Hector fell when he tried to lay down using only his one good knee. He stretched out on the ground on the bank where Beth had dangled her foot in the water.
“Don’t move, Suarez … Beth how’s that ankle feeling?”
“I can walk on it a little. It doesn’t hurt as much.”
“Good. I need you to go to the bushes and bring my gun and my pack. We need to make sure the Del Rio CEO sticks around for the next board meeting in District Court.”
Beth laid a hand on his shoulder. “Please, Drew, be careful. You don’t know what he’s capable of.” She limped away from the river toward the bushes.
“Right now, he needs to know what I’m capable of.” Drew worked the firing mechanism of the AK-47 to produce a metallic click.
Suarez’s body stiffened at the sound.
“Drew, Elizabeth! Are you okay?” The voice came from up river and was now accompanied by the sound of running feet.

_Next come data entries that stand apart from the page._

(* Let $P,Q$ be orthogonal projections on an $N$-dimensional inner product space $V$ with ranks $p,q$ respectively. For $\lambda\in\mathbb{R}$ let $m(\lambda)$ be the multiplicity of $\lambda$ as an eigenvalue of $P+Q$ ($m(\lambda)=0$ if $\lambda$ is not an eigenvalue). Then: (i) $m(\lambda)>0$ implies $\lambda\in[0,2]$; (ii) $\sum_{\lambda\in[0,2]}m(\lambda)=N$; (iii) $m(1)\ge|p-q|$; (iv) for $\lambda\in(0,2)$, $m(\lambda)=m(2-\lambda)$; (v) $m(0)-m(2)=N-p-q$. Conversely, if $0\le p,q\le N$ are integers and $m:\mathbb{R}\to\mathbb{N}_0$ satisfies (i)–(v), then there exist orthogonal projections $P,Q$ on an $N$-dimensional space, of ranks $p,q$, such that $m$ is the eigenvalue multiplicity function of $P+Q$. *)

From mathcomp Require Import all_boot all_order all_algebra.
From mathcomp Require Import reals.
Set Implicit Arguments. Unset Strict Implicit. Unset Printing Implicit Defensive.
Import Order.TTheory GRing.Theory Num.Theory.
Local Open Scope ring_scope.

(* Model of an N-dimensional real inner product space: R^N (row vectors)
   with the standard inner product; linear maps are N x N matrices. *)

Definition orth_proj (R : realType) (N : nat) (P : 'M[R]_N) : Prop :=
  P^T = P /\ P *m P = P.

Definition mult (R : realType) (N : nat) (A : 'M[R]_N) (l : R) : nat :=
  \rank (eigenspace A l).

(* sum_{l in [0,2]} m(l) = N, for m : R -> nat  (a sum of naturals over an
   infinite index set: it equals N iff the support in [0,2] is finite and the
   finite sum is N). *)
Definition sum_on_02_eq (R : realType) (m : R -> nat) (N : nat) : Prop :=
  exists s : seq R,
    [/\ uniq s, (forall l, l \in s -> 0 <= l <= 2),
        (forall l, 0 <= l <= 2 -> (0 < m l)%N -> l \in s)
      & (\sum_(l <- s) m l)%N = N].

Definition mult_conditions (R : realType) (N p q : nat) (m : R -> nat) : Prop :=
  [/\ (forall l : R, (0 < m l)%N -> 0 <= l <= 2),
      sum_on_02_eq m N,
      `|(p%:Z - q%:Z)%R| <= (m 1)%:Z,
      (forall l : R, 0 < l < 2 -> m l = m (2 - l))
    & ((m 0)%:Z - (m 2)%:Z = N%:Z - p%:Z - q%:Z)%R].

From mathcomp Require Import all_boot all_order all_algebra.
From mathcomp Require Import reals complex.
From mathcomp Require Import ring lra zify.
Set Implicit Arguments. Unset Strict Implicit. Unset Printing Implicit Defensive.
Import Order.TTheory GRing.Theory Num.Theory.
Local Open Scope ring_scope.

Drew looked toward the canyon.
Hunter ran down the trail toward them. He came to a sliding stop fifty yards away when he saw the gun and the carnage. “We heard the shots and came back to—”
A splash came from the river.
Drew glanced down.
Hector Suarez was gone.
Drew jumped to the edge of the river and scanned the murky water.
Nothing.
He let his gaze rove over the Rio Grande, mostly downstream.
With a blown knee, Suarez wouldn’t be a strong swimmer. Regardless, he would have to come up for air soon.
“You’ll never catch him, gringo.” The pain-filled voice grunted out the words. Ricardo’s eyes were open now.
Beth returned and stopped beside Drew. “He’s probably right. Some call him Hector Houdini Suarez. He’s escaped from some impossible situations.”
Hunter approached them. “Does somebody want to tell me what’s going on here? I see a dead man and a wounded man and—what happened to the guy on the ground?”
“Hector Suarez got away,” Beth said.
“What the—Suarez? The Del Rio Cartel? You sure?”
“I’m sure. He wants to kill me and would have if Drew hadn’t stopped him.” She put her hand on his shoulder.
That was the first thing he could remember Beth doing that wasn’t done in opposition or as an argument. Maybe Suarez’s pain was Drew’s gain.
He glanced at Beth then looked down at Ricardo. “Suarez hasn’t gotten away yet. I’m going down the river to see if I can spot where he comes up.”
Beth’s hand slipped down to his arm and gripped it with more strength than a woman should have. “Don’t go, Drew. There were two AK-47s in that water where he went in.”
“Beth, I blew out the guy’s knee. He’s not going far, and he couldn’t afford to stop and look for a gun in muddy water. We need to tie up Ricardo’s free hand and then get some pressure on that shoulder wound to stop the bleeding. Here.” He handed Beth his Governor. “Hold this on him and let Hunter do the binding. Ricardo may be hurting, but he’s still dangerous. If he tries anything, shoot him. Those three slugs and the ball bearings in the shotgun shells will put an end to anything he tries.”
Beth took the gun, looked at Hunter, then back at Drew. Her eyes softened to an expression warmer than any she had shown him since they met this morning.
Maybe she liked guns.
Maybe she likes you, dude.
He doubted that just like he doubted he would find Hector Suarez in this jaunt down the river.